Evidence-based medicine suggests that the use of statins to treat hypercholesterolemia can improve the prognosis of those with cardiovascular (CV) disease3,4. In hypertensive patients with normal serum cholesterol levels, statins can also effectively reduce the incidence of future CV events5. On the other hand, the prognosis for patients with stable CAD who receive intensive medical therapy, including statins, does not differ from that of patients who receive coronary intervention6. Nevertheless, for the short-term outcome of acute coronary syndrome, lipid-lowering therapy with statins could reduce recurrent ischemic events in the first 16 weeks7; for patients with acute coronary syndrome undergoing coronary intervention, the use of intensive statin therapy before and after cardiac catheterization can reduce the incidence of adverse CV events within 30 days8,9. Some studies have reported that, in patients with stable CAD, compared to low-dose or moderate-intensity statin therapy, high-dose or high intensity statin use can further improve CV outcomes10,11,12.
However, in patients with CAD undergoing coronary intervention, the use of statins before cardiac catheterization can reduce the risk of myocardial injury during coronary intervention13. Nevertheless, in terms of long-term clinical outcomes in patients with stable CAD undergoing PCI, it remains unclear whether patients with average low-density lipoprotein-cholesterol (LDL-C) levels without statin treatment differ from those with elevated LDL-C levels receiving statin treatment.

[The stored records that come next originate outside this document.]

(* Let $(\tau,\ell)$ have law $\rho_0$ and let $\Delta_0=\max\{\ell(v):v\in\tau\}$. Then, as $m\to\infty$, $$\mathbb P(\Delta_0\ge m)\sim\frac{2}{m^2},$$ meaning that the ratio of the two sides tends to 1.
   Context: $\rho_0$ is the law of a Galton–Watson plane tree with offspring law $P(k)=2^{-k-1}$, $k\ge0$, in which the root has label 0 and every other vertex gets its parent's label plus an independent uniform element of $\{-1,0,1\}$. *)

From HB Require Import structures.
From mathcomp Require Import all_boot all_order all_algebra.
From mathcomp Require Import all_classical all_reals all_analysis.
Set Implicit Arguments. Unset Strict Implicit. Unset Printing Implicit Defensive.
Import Order.TTheory GRing.Theory Num.Theory.
Local Open Scope ring_scope.

Inductive ltree : Type := LNode : int -> seq ltree -> ltree.

HB.instance Definition _ := gen_eqMixin ltree.
HB.instance Definition _ := gen_choiceMixin ltree.

Definition label (t : ltree) : int := let: LNode l _ := t in l.

Fixpoint valid_labels (t : ltree) : bool :=
  let: LNode l cs := t in
  (fix vl (cs : seq ltree) : bool :=
     match cs with
     | [::] => true
     | c :: cs' => [&& (`|label c - l| <= 1)%R, valid_labels c & vl cs']
     end) cs.

Fixpoint max_label (t : ltree) : int :=
  let: LNode l cs := t in
  (fix ml (cs : seq ltree) : int :=
     match cs with
     | [::] => l
     | c :: cs' => Num.max (max_label c) (ml cs')
     end) cs.

(* Probability under rho_0 of a given (finite) labeled tree:
   each vertex with k children contributes the offspring probability
   2^{-k-1}, and each of its k children contributes the probability 1/3 of
   its label increment. *)
Fixpoint rho0_weight (R : realType) (t : ltree) : R :=
  let: LNode _ cs := t in
  (2 ^+ (size cs).+1)^-1 * (3 ^+ size cs)^-1 *
  (fix wl (cs : seq ltree) : R :=
     match cs with
     | [::] => 1
     | c :: cs' => rho0_weight R c * wl cs'
     end) cs.

Definition rho0_support : set ltree :=
  [set t | label t = 0 /\ valid_labels t].

Definition prob_Delta0_ge (R : realType) (m : nat) : \bar R :=
  \esum_(t in [set t | rho0_support t /\ (m%:Z <= max_label t)%R])
     (rho0_weight R t)%:E.

From HB Require Import structures.
From mathcomp Require Import all_boot all_order all_algebra.
From mathcomp Require Import all_classical all_reals all_analysis.
From mathcomp Require Import zify ring lra.
Import Order.TTheory GRing.Theory Num.Theory.
Import numFieldNormedType.Exports.
Local Open Scope classical_set_scope.
Local Open Scope ring_scope.
Set Implicit Arguments. Unset Strict Implicit. Unset Printing Implicit Defensive.

(* Let [u(l)] be the probability that a tree rooted at label [l] has all its
   labels below [j].  The offspring generating function is [1 / (2 - s)] and a
   child's label is uniform on [l - 1, l, l + 1], so [u(l) = 0] for [l >= j] and
   [u(l) = 1 / (2 - (u(l - 1) + u(l) + u(l + 1)) / 3)] for [l < j].  This is
   solved by [u(l) = 1 - 2 / ((j - l + 1) (j - l + 2))], hence P(Delta_0 >= m)
   equals [2 / ((m + 1) (m + 2))] exactly.  Rigorously: the weights of the
   finitely many trees of height [<= n] and degrees [<= K] satisfy a truncated
   form of the recursion, which propagates the bounds [1 - u] on the weight of
   the trees reaching [j] and [u] on the weight of the others; since the total
   weight of these trees tends to [1] as [n] and [K] grow, the two bounds pinch
   the probability. *)

Lemma ltree_ind_mem (P : ltree -> Prop) :
  (forall l cs, (forall c, c \in cs -> P c) -> P (LNode l cs)) -> forall t, P t.
Proof.
move=> IH; fix F 1 => -[l cs]; apply: IH.
(* [F] is cleared so that [done] cannot close the goal by an unguarded call. *)
elim: cs => [|c0 cs IHcs] c; first by clear F; rewrite in_nil.
rewrite inE => /predU1P [-> | /IHcs]; [exact: F | exact].
Qed.

Fixpoint tree_size (t : ltree) : nat :=
  let: LNode _ cs := t in (sumn (map tree_size cs)).+1.

Lemma tree_size_child l cs c : c \in cs -> (tree_size c < tree_size (LNode l cs))%N.
Proof.
move=> /= cin; rewrite ltnS; elim: cs cin => // c' cs IH.
by rewrite inE /= => /predU1P [-> | /IH]; lia.
Qed.

Lemma size_le_tree_size l cs : (size cs < tree_size (LNode l cs))%N.
Proof.
rewrite /= ltnS; elim: cs => //= -[? ?] cs IH.
by rewrite addSn ltnS (leq_trans IH) // leq_addl.
Qed.

Lemma valid_labels_node l cs : valid_labels (LNode l cs) =
  all (fun c => (`|label c - l| <= 1) && valid_labels c) cs.
Proof. by elim: cs => //= c cs ->; rewrite andbA. Qed.

Lemma max_label_node_lt l cs (j : int) : (max_label (LNode l cs) < j) =
  (l < j) && all (fun c => max_label c < j) cs.
Proof.
elim: cs => [|c cs IH] /=; first by rewrite andbT.
by rewrite gt_max IH andbCA.
Qed.

Fixpoint all_seqs (T : Type) (s : seq T) (k : nat) : seq (seq T) :=
  if k is k'.+1 then [seq c :: cs | c <- s, cs <- all_seqs s k'] else [:: [::]].

Lemma mem_all_seqs (T : eqType) (s : seq T) k cs :
  (cs \in all_seqs s k) = (size cs == k) && all (mem s) cs.
Proof.
elim: k cs => [|k IH] cs /=; first by case: cs.
apply/allpairsP/idP => [[[c' cs'] /= [c's + ->]] | ].
  by rewrite IH /= eqSS c's.
case: cs => // c cs /andP [/= csk /andP [cin csin]].
by exists (c, cs); rewrite IH -eqSS csk.
Qed.

Lemma all_seqs_uniq (T : eqType) (s : seq T) k : uniq s -> uniq (all_seqs s k).
Proof.
move=> us; elim: k => //= k IH.
by apply: allpairs_uniq => // -[a b] [c d] _ _ /= [-> ->].
Qed.

Fixpoint bounded_trees (K n : nat) (l : int) : seq ltree :=
  if n is n'.+1 then
    [seq LNode l cs | k <- iota 0 K.+1,
       cs <- all_seqs (bounded_trees K n' (l - 1) ++ bounded_trees K n' l
                       ++ bounded_trees K n' (l + 1)) k]
  else [:: LNode l [::]].

Lemma bounded_treesS K n l : bounded_trees K n.+1 l =
  [seq LNode l cs | k <- iota 0 K.+1,
     cs <- all_seqs (bounded_trees K n (l - 1) ++ bounded_trees K n l
                     ++ bounded_trees K n (l + 1)) k].
Proof. by []. Qed.

Lemma mem_bounded_trees K n l t :
  t \in bounded_trees K n l -> label t = l /\ valid_labels t.
Proof.
elim: n l t => [|n IH] l t; first by rewrite inE => /eqP ->.
rewrite bounded_treesS => /allpairsPdep [k [cs [_ + ->]]].
rewrite mem_all_seqs => /andP [_ /allP csin].
split => //; rewrite valid_labels_node; apply/allP => c /csin.
by rewrite /= !mem_cat => /or3P [] /IH [-> ->]; rewrite andbT; lia.
Qed.

Lemma bounded_trees_complete K n t : valid_labels t ->
  (tree_size t <= n.+1)%N -> (n <= K)%N -> t \in bounded_trees K n (label t).
Proof.
elim: n t => [|n IH] [l cs] valid szt nK.
  by case: cs szt {valid} => [|[? ?] ?]; rewrite ?inE.
rewrite bounded_treesS; apply/allpairsPdep; exists (size cs), cs; split => //.
  by rewrite mem_iota; have := size_le_tree_size l cs; lia.
rewrite mem_all_seqs eqxx; apply/allP => c cin.
move: valid; rewrite valid_labels_node => /allP /(_ c cin) /andP [lc vc].
have szc : (tree_size c <= n.+1)%N by have := tree_size_child l cin; lia.
have := IH c vc szc (ltnW nK); rewrite /= !mem_cat.
have : label c \in [:: l - 1; l; l + 1] by rewrite !inE; lia.
by rewrite !inE => /or3P [] /eqP <- ->; rewrite ?orbT.
Qed.

Lemma bounded_trees_uniq K n l : uniq (bounded_trees K n l).
Proof.
elim: n l => [|n IH] l //.
rewrite bounded_treesS; apply: allpairs_uniq_dep; first exact: iota_uniq.
  move=> k _; apply: all_seqs_uniq.
  have lab l' t : t \in bounded_trees K n l' -> label t = l'.
    by case/mem_bounded_trees.
  rewrite !cat_uniq !IH /= andbT; apply/andP; split.
    apply/hasPn => t; rewrite mem_cat => /orP [] /lab ht1;
      apply/negP => /lab; lia.
  by apply/hasPn => t /lab ht1; apply/negP => /lab; lia.
set S := [seq Tagged _ _ | _ <- _, _ <- _].
have tag_size p : p \in S -> projT1 p = size (projT2 p).
  by case/allpairsPdep => x [y [_ + ->]]; rewrite mem_all_seqs => /andP [/eqP ->].
by move=> [k1 cs1] [k2 cs2] /tag_size /= -> /tag_size /= -> [->].
Qed.

Section GeomPgf.
Variable R : realFieldType.
Implicit Types x y d : R.

Definition geom_pgf N x := \sum_(k <- iota 0 N) (2 ^+ k.+1)^-1 * x ^+ k.

Lemma geom_pgfE N x : x != 2 -> geom_pgf N x = (1 - (x / 2) ^+ N) / (2 - x).
Proof.
move=> x2; have x2' : 2 - x != 0 by rewrite subr_eq0 eq_sym.
apply: (mulIf x2'); rewrite divfK //; elim: N => [|N IH].
  by rewrite /geom_pgf big_nil mul0r expr0 subrr.
rewrite /geom_pgf -addn1 iotaD big_cat /= big_seq1 add0n mulrDl -/(geom_pgf N x) IH.
have h2 : (2 : R) ^+ N != 0 by rewrite expf_neq0 // pnatr_eq0.
by rewrite addn1 !exprMn !exprVn !exprS; field.
Qed.

Lemma geom_pgf_ge0 N x : 0 <= x -> 0 <= geom_pgf N x.
Proof.
by move=> x0; apply: sumr_ge0 => k _; rewrite mulr_ge0 ?invr_ge0 ?exprn_ge0.
Qed.

Lemma ler_geom_pgf N x y : 0 <= x -> x <= y -> geom_pgf N x <= geom_pgf N y.
Proof.
move=> x0 xy; apply: ler_sum => k _; rewrite ler_wpM2l ?invr_ge0 ?exprn_ge0 //.
by rewrite lerXn2r // nnegrE (le_trans x0).
Qed.

Lemma geom_pgf_le N x : 0 <= x -> x <= 1 -> geom_pgf N x <= (2 - x)^-1.
Proof.
move=> x0 x1; rewrite geom_pgfE; last by apply/eqP; lra.
rewrite ler_pdivrMr; last lra.
rewrite mulVf; last by apply/eqP; lra.
by rewrite gerBl exprn_ge0 // divr_ge0.
Qed.

Lemma geom_pgf_ge N x : 0 <= x -> x <= 1 -> (2 - x)^-1 - (2 ^+ N)^-1 <= geom_pgf N x.
Proof.
move=> x0 x1; rewrite geom_pgfE; last by apply/eqP; lra.
rewrite mulrBl div1r lerB // -exprVn.
have hx : 0 <= (x / 2) ^+ N by rewrite exprn_ge0 // divr_ge0.
apply: (le_trans (y := (x / 2) ^+ N)).
  by rewrite ler_pdivrMr ?ler_peMr //; lra.
by rewrite lerXn2r // ?nnegrE ?divr_ge0 ?invr_ge0 //; lra.
Qed.

Lemma sub_exprn_le k x y d : 0 <= y -> y <= x -> x <= 1 -> x - y <= d -> d <= 1 ->
  x ^+ k - y ^+ k <= 1 - (1 - d) ^+ k.
Proof.
move=> y0 yx x1 xyd d1.
apply: (le_trans (y := 1 - (1 - (x - y)) ^+ k)); last first.
  by rewrite lerB // lerXn2r // ?nnegrE; lra.
rewrite -[X in _ <= X - _](expr1n _ k) !subrXX.
have -> : 1 - (1 - (x - y)) = x - y by ring.
rewrite ler_wpM2l //; first lra.
apply: ler_sum => i _; rewrite expr1n mul1r.
rewrite -[X in _ <= X]mul1r ler_pM ?exprn_ge0 //; try lra.
  by rewrite exprn_ile1 //; lra.
by rewrite lerXn2r // ?nnegrE; lra.
Qed.

(* Monomials are convex on [0, 1], so their increment over an interval of
   length [d] is largest on [1 - d, 1]. *)
Lemma geom_pgf_sub_le N x y d : 0 <= y -> y <= x -> x <= 1 -> x - y <= d -> d <= 1 ->
  geom_pgf N x - geom_pgf N y <= 1 - (1 + d)^-1.
Proof.
move=> y0 yx x1 xyd d1; have d0 : 0 <= d by lra.
apply: (le_trans (y := geom_pgf N 1 - geom_pgf N (1 - d))).
  rewrite /geom_pgf -!sumrB; apply: ler_sum => k _; rewrite -!mulrBr ler_wpM2l //.
  by rewrite expr1n; apply: sub_exprn_le.
have -> : geom_pgf N 1 = 1 - (2^-1) ^+ N.
  rewrite geom_pgfE ?div1r; last by apply/eqP; lra.
  have -> : (2 : R) - 1 = 1 by lra.
  by rewrite divr1.
have d0' : 0 <= 1 - d by lra.
have d1' : 1 - d <= 1 by lra.
have := geom_pgf_ge N d0' d1'; rewrite -exprVn.
have -> : 2 - (1 - d) = 1 + d by ring.
have : 0 <= (2 ^-1) ^+ N :> R by rewrite exprn_ge0 // invr_ge0.
lra.
Qed.

Lemma inv_2B_lipschitz x y e : 0 <= e -> y <= 1 -> x <= 1 -> y - e <= x ->
  (2 - y)^-1 - e <= (2 - x)^-1.
Proof.
move=> e0 y1 x1 yex.
apply: (le_trans (y := (2 - y + e)^-1)); last by rewrite lef_pV2 ?posrE; lra.
have -> : (2 - y)^-1 - e = (2 - y + e)^-1 + (e / ((2 - y) * (2 - y + e)) - e).
  by field; rewrite ![_ != 0]lt0r_neq0 //; lra.
rewrite gerDl subr_le0 ler_pdivrMr ?mulr_gt0 //; try lra.
by rewrite ler_peMr //; nra.
Qed.

End GeomPgf.

Section Mean3.
Variable R : numFieldType.
Implicit Types f g : int -> R.

Definition mean3 f (l : int) := (f (l - 1) + f l + f (l + 1)) / 3.

Lemma mean3_cst (c : R) l : mean3 (fun=> c) l = c.
Proof. by rewrite /mean3; field. Qed.

Lemma mean3B f g l : mean3 f l - mean3 g l = mean3 (fun i => f i - g i) l.
Proof. by rewrite /mean3 -mulrBl; congr (_ / _); rewrite !opprD !addrA; ring. Qed.

Lemma ler_mean3 f g l : (forall i, f i <= g i) -> mean3 f l <= mean3 g l.
Proof. by move=> fg; rewrite ler_pM2r ?invr_gt0 ?ltr0n // !lerD. Qed.

Lemma mean3_ge f c l : (forall i, c <= f i) -> c <= mean3 f l.
Proof. by move=> cf; rewrite -(mean3_cst c l) ler_mean3. Qed.

Lemma mean3_le f c l : (forall i, f i <= c) -> mean3 f l <= c.
Proof. by move=> fc; rewrite -(mean3_cst c l) ler_mean3. Qed.

End Mean3.

Lemma big_all_seqs (R : pzSemiRingType) (T : Type) (h : T -> R) s k :
  \sum_(cs <- all_seqs s k) \prod_(c <- cs) h c = (\sum_(c <- s) h c) ^+ k.
Proof.
elim: k => [|k IH] /=; first by rewrite big_seq1 big_nil expr0.
rewrite big_allpairs_dep exprS big_distrl /=; apply: eq_bigr => c _.
by rewrite -IH big_distrr /=; apply: eq_bigr => cs _; rewrite big_cons.
Qed.

Section Rho0Sums.
Variable R : realType.
Local Notation w := (rho0_weight R).

Lemma rho0_weightE l cs : w (LNode l cs) =
  (2 ^+ (size cs).+1)^-1 * (3 ^+ size cs)^-1 * \prod_(c <- cs) w c.
Proof.
by rewrite /=; congr (_ * _); elim: cs => [|c cs IH] /=; rewrite ?big_nil ?big_cons ?IH.
Qed.

Lemma rho0_weight_ge0 t : 0 <= w t.
Proof.
elim/ltree_ind_mem: t => l cs IH; rewrite rho0_weightE !mulr_ge0 ?invr_ge0 ?exprn_ge0 //.
by rewrite big_seq prodr_ge0.
Qed.

Lemma sum_bounded_treesS (h : ltree -> R) c0 K n l :
  (forall cs, h (LNode l cs) =
     c0 * ((2 ^+ (size cs).+1)^-1 * (3 ^+ size cs)^-1 * \prod_(c <- cs) h c)) ->
  \sum_(t <- bounded_trees K n.+1 l) h t =
  c0 * geom_pgf K.+1 (mean3 (fun i => \sum_(c <- bounded_trees K n i) h c) l).
Proof.
move=> hE; rewrite bounded_treesS big_allpairs_dep /geom_pgf /mean3 mulr_sumr.
apply: eq_bigr => k _; rewrite big_seq (eq_bigr (fun cs => c0 *
  ((2 ^+ k.+1)^-1 * (3 ^+ k)^-1 * \prod_(c <- cs) h c))); last first.
  by move=> cs; rewrite mem_all_seqs => /andP [/eqP <- _]; rewrite hE.
rewrite -big_seq -!mulr_sumr big_all_seqs !big_cat /= exprMn exprVn addrA.
by congr (_ * _); ring.
Qed.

Therefore, the purpose of the current study is to compare long-term outcomes by statin use in patients undergoing PCI. In addition, predictors of clinical outcomes in stable CAD patients undergoing PCI were also analyzed.
Methods
Study population
This retrospective cohort study was conducted from 2012 through 2020. We recruited patients with stable CAD aged between 20 and 85 years from the Inpatient Department of Taichung Tzu Chi Hospital, Taiwan. According to the guideline provided by the Taiwan National Health Insurance Administration, Ministry of Health and Welfare, statins were prescribed in CAD patients with an LDL-C level above 100 mg/dL. Patient who received index PCI with a serum LDL-C above 100 mg/dl and were statin-naïve were considered as receiving statin therapy; those receiving statin therapy prior to index PCI were excluded. All patients were divided into two groups: non-statin users and statin users. Patients with scheduled PCI, New York Heart Association (NYHA) class IV heart failure, and the presence of malignancy were excluded from this study. The majority of patients received regular follow up via the outpatient department. The very few patients lost to follow up were called by telephone to attempt contact. The study was approved by the Institutional Review Board of Taichung Tzu Chi Hospital (REC111-62), and informed consent were obtained from all participants. This cohort study was performed in accordance with the relevant guidelines and regulations, and also fulfilled the guidance of the Strengthening the Reporting of Observational Studies in Epidemiology (STROBE) statement14.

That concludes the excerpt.